The solution proposed here is:

1. Write the static code assuming that the data needed by the code is already
   pointed to by a designated register.

2. Get the kernel to supply a small universal trampoline that does the
   following:

	- Load the address of the data in a designated register
	- Load the address of the static code in a designated register
	- Jump to the static code

User code would use a kernel supplied API to create and map the trampoline.
The address values would be baked into the code so that no special ISA
features are needed.

To conserve memory, the kernel will pack as many trampolines as possible in
a page and provide a trampoline table to user code. The table itself is
managed by the user.

Trampoline File Descriptor (trampfd)
==========================

I am proposing a kernel API using anonymous file descriptors that can be
used to create the trampolines. The API is described in patch 1/4 of this
patchset. I provide a summary here:

	- Create a trampoline file object

	- Write a code descriptor into the trampoline file and specify:

		- the number of trampolines desired
		- the name of the code register
		- user pointer to a table of code addresses, one address
		  per trampoline

	- Write a data descriptor into the trampoline file and specify:

		- the name of the data register
		- user pointer to a table of data addresses, one address
		  per trampoline

	- mmap() the trampoline file. The kernel generates a table of
	  trampolines in a page and returns the trampoline table address

	- munmap() a trampoline file mapping

	- Close the trampoline file

Each mmap() will only map a single base page. Large pages are not supported.

A trampoline file can only be mapped once in an address space.

Trampoline file mappings cannot be shared across address spaces. So,
sending the trampoline file descriptor over a unix domain socket and
mapping it in another process will not work.

It is recommended that the code descriptor and the code table be placed
in the .rodata section so an attacker cannot modify them.

Trampoline use and reuse
========================

The code for trampoline X in the trampoline table is:

	load	&code_table[X], code_reg
	load	(code_reg), code_reg
	load	&data_table[X], data_reg
	load	(data_reg), data_reg
	jump	code_reg

The addresses &code_table[X] and &data_table[X] are baked into the
trampoline code. So, PC-relative data references are not needed. The user
can modify code_table[X] and data_table[X] dynamically.

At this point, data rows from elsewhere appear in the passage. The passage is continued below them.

Lemma esum_point (T : choiceType) (S : set T) (P0 : T) (k : R) : 0 <= k ->
  \esum_(P in S) ((k * (P0 == P)%:R)%:E) = (if P0 \in S then k else 0)%:E.
Proof.
move=> k0; rewrite (esumID [set P0]); last first.
  by move=> P _; rewrite lee_fin mulr_ge0.
rewrite [X in _ + X]esum1 ?adde0; last first.
  move=> P [_ /= hP]; rewrite (_ : (P0 == P) = false) ?mulr0 //.
  by apply/negbTE; apply/eqP => h; apply: hP; rewrite h.
case: ifP => hS.
  rewrite (_ : S `&` [set P0] = [set P0]); last first.
    by apply/seteqP; split => [x [] //|x /= ->]; split => //; exact/set_mem.
  by rewrite esum_set1 ?eqxx ?mulr1 // lee_fin mulr_ge0.
rewrite (_ : S `&` [set P0] = set0) ?esum_set0 //.
apply/seteqP; split => [x [hx /= hx0]|x //].
by move: hS; rewrite hx0 in hx; rewrite (mem_set hx).
Qed.

Lemma fsbig_setT_finType (T : finType) (F : T -> \bar R) :
  \sum_(x \in [set: T]) F x = \sum_(x : T) F x.
Proof.
rewrite fsbig_finite; last exact: finite_finset.
apply: perm_big; apply: uniq_perm; first exact: finmap.fset_uniq.
  exact: index_enum_uniq.
move=> x; rewrite mem_index_enum in_fset_set; last exact: finite_finset.
by rewrite in_setT.
Qed.

Lemma esum_time_window (V : finType) (T : nat) (t0 : int) (G : V * V * int -> R) :
  (forall x, 0 <= G x) ->
  (forall x, G x != 0 -> exists2 k : nat, (k < T)%N & x.2 = t0 - k%:Z) ->
  \esum_(x in [set: V * V * int]) (G x)%:E =
  (\sum_(k < T) \sum_(a : V) \sum_(b : V) G ((a, b), t0 - k%:Z))%:E.
Proof.
move=> G0 Gs.
pose e := fun y : V * V * 'I_T => ((y.1.1, y.1.2), t0 - (val y.2)%:Z).
rewrite (esumID (range e)); last by move=> x _; rewrite lee_fin.
rewrite [X in _ + X]esum1 ?adde0; last first.
  move=> [[a b] t] [_ /= hx]; apply/eqP; rewrite eqe.
  apply/negPn/negP => /Gs [k hk ht].
  by apply: hx; exists ((a, b), Ordinal hk) => //=; rewrite /e /= -ht.
rewrite setTI esum_image; last first.
  move=> [[a b] k] [[a' b'] k'] _ _ [-> -> hk]; congr (_, _).
  by apply: val_inj => /=; lia.
rewrite esum_fset; [|exact: finite_finset|by move=> *; rewrite lee_fin].
rewrite fsbig_setT_finType sumEFin; congr (_%:E).
transitivity (\sum_(ab : V * V) \sum_(k < T) G (e (ab, k))).
  by rewrite pair_bigA.
rewrite exchange_big; apply: eq_bigr => k _.
by rewrite -(pair_bigA _ (fun a b => G (e ((a, b), k)))).
Qed.
(* Let $\lambda$ be an infinite cardinal and let $(\mathscr T,\bar{\mathbf I})$ be a $\lambda^+$-complete tagged tree. Suppose $\lim(\mathscr T)=\bigcup_{\alpha<\lambda}\mathbb B_\alpha$, where each $\mathbb B_\alpha$ is a Borel subset of $\lim(\mathscr T)$. Then there are $\alpha<\lambda$ and a tree $\mathscr T^\dagger$ with $(\mathscr T,\bar{\mathbf I})\le^*(\mathscr T^\dagger,\bar{\mathbf I})$ and $\lim(\mathscr T^\dagger)\subseteq\mathbb B_\alpha$. In particular, if $\mathbf H$ is a function on $\lim(\mathscr T)$ with $|\mathrm{Rang}(\mathbf H)|\le\lambda$ and every fiber $\mathbf H^{-1}(\{x\})$ Borel, then there is $\mathscr T^\dagger$ with $(\mathscr T,\bar{\mathbf I})\le^*(\mathscr T^\dagger,\bar{\mathbf I})$ such that $\mathbf H$ is constant on $\lim(\mathscr T^\dagger)$.
   Context: A tree is a nonempty set $\mathscr T$ of finite sequences of ordinals, closed under initial segments, such that every $\eta\in\mathscr T$ has at least one immediate successor in $\mathscr T$; $\mathrm{Succ}_{\mathscr T}(\eta)=\{\eta^\frown\langle\alpha\rangle:\eta^\frown\langle\alpha\rangle\in\mathscr T\}$. $\lim(\mathscr T)$ is the set of $\omega$-sequences of ordinals all of whose finite initial segments lie in $\mathscr T$, with the topology whose basic open sets are $\{\nu\in\lim(\mathscr T):\eta\triangleleft\nu\}$ for $\eta\in\mathscr T$; ''Borel'' refers to this topology. An ideal on a set $X$ is a family of subsets of $X$ containing all singletons, closed under subsets and finite unions, and not containing $X$; it is $\mu$-complete if closed under unions of fewer than $\mu$ members. A tagged tree is a pair $(\mathscr T,\bar{\mathbf I})$ where $\mathscr T$ is a tree and $\bar{\mathbf I}$ assigns to some (possibly all) $\eta\in\mathscr T$ an ideal $\mathbf I_\eta$ on a set $\mathrm{Dom}(\mathbf I_\eta)\supseteq\mathrm{Succ}_{\mathscr T}(\eta)$. The tagged tree is $\mu$-complete if every defined $\mathbf I_\eta$ ($\eta\in\mathscr T$) is $\mu$-complete. $\eta\in\mathscr T$ is a splitting point of $(\mathscr T,\bar{\mathbf I})$ if $\mathbf I_\eta$ is defined and $\mathrm{Succ}_{\mathscr T}(\eta)\notin\mathbf I_\eta$. For trees $\mathscr T'\subseteq\mathscr T$, $(\mathscr T,\bar{\mathbf I})\le^*(\mathscr T',\bar{\mathbf I})$ means: for every $\eta\in\mathscr T'$ which is a splitting point of $(\mathscr T,\bar{\mathbf I})$ we have $\mathrm{Succ}_{\mathscr T'}(\eta)\notin\mathbf I_\eta$ (so the splitting points of $(\mathscr T',\bar{\mathbf I})$ are exactly the splitting points of $(\mathscr T,\bar{\mathbf I})$ lying in $\mathscr T'$). *)

From Stdlib Require Import List.
Import ListNotations.

Set Implicit Arguments.

Section Trees.
Variable O : Type.

Definition tree (T : list O -> Prop) : Prop :=
  (exists eta, T eta) /\
  (forall eta nu, T (eta ++ nu) -> T eta) /\
  (forall eta, T eta -> exists a, T (eta ++ [a])).

Definition Succ (T : list O -> Prop) (eta : list O) : list O -> Prop :=
  fun s => exists a, s = eta ++ [a] /\ T (eta ++ [a]).

Definition restr (x : nat -> O) (n : nat) : list O := map x (seq 0 n).

Definition is_init (eta : list O) (x : nat -> O) : Prop :=
  eta = restr x (length eta).

Definition lim (T : list O -> Prop) (x : nat -> O) : Prop :=
  forall n, T (restr x n).

(* open subsets of lim(T): unions of basic open sets *)
Definition open_set_of (T : list O -> Prop) (N : list O -> Prop)
  : (nat -> O) -> Prop :=
  fun x => lim T x /\ exists eta, N eta /\ T eta /\ is_init eta x.

(* Borel subsets of lim(T) (predicates are read as subsets of lim T, i.e.
   up to agreement on lim T): the least sigma-algebra of subsets of lim(T)
   containing the open sets. *)
Definition Borel (T : list O -> Prop) (B : (nat -> O) -> Prop) : Prop :=
  forall S : ((nat -> O) -> Prop) -> Prop,
    (forall N, S (open_set_of T N)) ->
    (forall A, S A -> S (fun x => lim T x /\ ~ A x)) ->
    (forall F : nat -> (nat -> O) -> Prop,
        (forall n, S (F n)) -> S (fun x => exists n, F n x)) ->
    (forall A A', S A -> (forall x, lim T x -> (A x <-> A' x)) -> S A') ->
    S B.
Lemma infected_equilibrium : m2 * ph * al * Xb / (c + Xb) = d + de.
Proof.
  pose proof Xbar_pos; pose proof Xbar_mul_eq.
  apply (Rmult_eq_reg_r (c + Xb)); [|lra].
  replace (m2 * ph * al * Xb / (c + Xb) * (c + Xb)) with (m2 * ph * al * Xb) by (field; lra).
  lra.
Qed.

Lemma toxicant_equilibrium : ga + sg * Ib = et * Ab.
Proof. unfold Abar; field; lra. Qed.

Definition coef_a (X : R) := X * (- r / K + ph * al * Ib / ((c + X) * (c + Xb))).
Definition coef_b (X : R) := ph * al * X / (c + X).
Definition coef_g (X : R) := al * X / (c + X).
Definition coef_q (X : R) := m2 * ph * al * c / ((c + X) * (c + Xb)).
Definition coef_l (A : R) := la * A / (a + A).
Definition coef_h1 (X : R) := m1 * al * X / (c + X).

Lemma fX_error X S I A : 0 < X ->
  fX p X S I A = coef_a X * (X - Xb) - coef_b X * (I - Ib) - coef_g X * S.
Proof.
  intros HX; pose proof Xbar_pos; pose proof prey_equilibrium.
  unfold fX, coef_a, coef_b, coef_g.
  replace (r * X * (1 - X / K)) with (X * (r * (1 - Xb / K)) - r * X * (X - Xb) / K)
    by (field; lra).
  rewrite H0; field; lra.
Qed.

Lemma fS_error X S I A : fS p X S I A = (coef_h1 X - coef_l A - d) * S.
Proof. unfold fS, coef_h1, coef_l, Rdiv; ring. Qed.

Lemma fI_error X S I A : 0 < X ->
  fI p X S I A = I * coef_q X * (X - Xb) + coef_l A * S.
Proof.
  intros HX; pose proof Xbar_pos; pose proof infected_equilibrium.
  unfold fI, coef_q, coef_l; rewrite <- H0.
  replace (la * A * S / (a + A)) with (la * A / (a + A) * S) by (unfold Rdiv; ring).
  set (l := la * A / (a + A)); field; split; lra.
Qed.

Lemma fA_error X S I A : fA p X S I A = sg * S + sg * (I - Ib) - et * (A - Ab).
Proof. pose proof toxicant_equilibrium; unfold fA; lra. Qed.

Local Notation al0 := (- coef_a Xb).
Local Notation b0 := (coef_b Xb).
Local Notation e0 := (Ib * coef_q Xb).
Local Notation be := (- (coef_h1 Xb - coef_l Ab - d)).

Lemma coef_a_Xbar_neg : coef_a Xb < 0.
Proof.
  pose proof Xbar_pos; pose proof K_sub_c_lt_2Xbar; pose proof prey_equilibrium.
  unfold coef_a.
  replace (ph * al * Ib / ((c + Xb) * (c + Xb))) with (r * (K - Xb) / (K * (c + Xb))).
  - replace (- r / K + r * (K - Xb) / (K * (c + Xb)))
      with (r * (K - c - 2 * Xb) / (K * (c + Xb)))
      by (field; lra).
    apply Rmult_pos_neg; [lra|]; unfold Rdiv; apply Rmult_neg_pos; [nra|].
    apply Rinv_0_lt_compat; nra.
  - replace (ph * al * Ib / ((c + Xb) * (c + Xb))) with (ph * al * Ib / (c + Xb) / (c + Xb))
      by (field; lra).
    rewrite <- H1; field; lra.
Qed.

Lemma coef_h_Xbar_neg : coef_h1 Xb - coef_l Ab - d < 0.
Proof.
  pose proof Xbar_pos; pose proof Abar_pos; pose proof infected_equilibrium.
  unfold coef_h1, coef_l.
  assert (Hden : 0 < (a + Ab) * (la + d) - la * a).
  { replace ((a + Ab) * (la + d) - la * a) with (a * d + Ab * la + Ab * d) by ring; pos. }
  apply (Rmult_lt_compat_r ((a + Ab) * (la + d) - la * a)) in stab_lower; [|lra].
  replace (m1 * (d + de) * (a + Ab) / ((a + Ab) * (la + d) - la * a)
           * ((a + Ab) * (la + d) - la * a)) with (m1 * (d + de) * (a + Ab)) in stab_lower
    by (field; lra).
  replace (m1 * al * Xb / (c + Xb)) with (m1 * (d + de) / (m2 * ph))
    by (rewrite <- H1; field; repeat split; lra).
  assert (m1 * (d + de) < m2 * ph * (la * Ab / (a + Ab) + d)).
  { apply (Rmult_lt_reg_r (a + Ab)); [lra|].
    replace (m2 * ph * (la * Ab / (a + Ab) + d) * (a + Ab))
      with (m2 * ph * ((a + Ab) * (la + d) - la * a)) by (field; lra).
    nra. }
  enough (m1 * (d + de) / (m2 * ph) < la * Ab / (a + Ab) + d) by lra.
  apply (Rmult_lt_reg_r (m2 * ph)); [nra|].
  replace (m1 * (d + de) / (m2 * ph) * (m2 * ph)) with (m1 * (d + de)) by (field; lra); nra.
Qed.

Lemma b0_pos : 0 < b0.
Proof. pose proof Xbar_pos; unfold coef_b; pos. Qed.

Lemma e0_pos : 0 < e0.
Proof. pose proof Xbar_pos; pose proof Ibar_pos; unfold coef_q; pos. Qed.

Lemma coef_g_bounds X : 0 < X -> 0 <= coef_g X <= al.
Proof.
  intros HX; unfold coef_g; split; [left; pos|].
  apply (Rmult_le_reg_r (c + X)); [lra|].
  replace (al * X / (c + X) * (c + X)) with (al * X) by (field; lra); nra.
Qed.

Lemma coef_l_bounds A : 0 < A -> 0 <= coef_l A <= la.
Proof.
  intros HA; unfold coef_l; split; [left; pos|].
  apply (Rmult_le_reg_r (a + A)); [lra|].
  replace (la * A / (a + A) * (a + A)) with (la * A) by (field; lra); nra.
Qed.
(* Let $\ell_1,\ell_2\in H_1(\mathbb{C}^2)$ be fixed, non-proportional linear forms. Then a general binary quartic $p\in H_4(\mathbb{C}^2)$ has exactly two representations $$p(x,y) = (t_1x^2+t_2xy+t_3y^2)^2 + t_4\,\ell_1(x,y)^4 + t_5\,\ell_2(x,y)^4, \qquad t_i\in\mathbb{C}.$$
   Context: $H_d(\mathbb{C}^n)$ denotes the complex vector space of homogeneous polynomials of degree $d$ in $n$ variables. ''A general $p$ has property P'' means P holds for all $p$ in a nonempty Zariski-open subset of $H_d(\mathbb{C}^n)$. Two representations are considered the same if they agree up to replacing the quadratic form by its negative. *)

(* The field C of complex numbers is taken to be an arbitrary
   numClosedFieldType (algebraically closed field of characteristic 0 with
   complex conjugation/norm). *)
From HB Require Import structures.
From mathcomp Require Import all_boot all_order all_algebra.
Set Implicit Arguments. Unset Strict Implicit. Unset Printing Implicit Defensive.
Import Order.TTheory GRing.Theory Num.Theory.
Local Open Scope ring_scope.

Section Defs.
Variable C : numClosedFieldType.

(* H_4(C^2) is identified with C^5 via coefficients:
   p(x,y) = \sum_k c_k x^(4-k) y^k. *)
Definition quartic_eval (c : 'I_5 -> C) (x y : C) : C :=
  \sum_(k < 5) c k * x ^+ (4 - k) * y ^+ k.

For instance, within libffi, the same trampoline X can be used for different
closures at different times by setting:

	data_table[X] = closure;
	code_table[X] = ABI handling code;

Advantages of the Trampoline File Descriptor approach
=====================================================

- Using this support from the kernel, dynamic code can be converted to
  static code with a little effort so applications and libraries can move to
  a more secure model. In the simplest cases such as libffi, dynamic code can
  even be eliminated.

- This initial work is targeted towards X86 and ARM. But it can be supported
  easily on all architectures. We don't need any special ISA features such
  as PC-relative data referencing.

- The only code generation needed is for this small, universal trampoline.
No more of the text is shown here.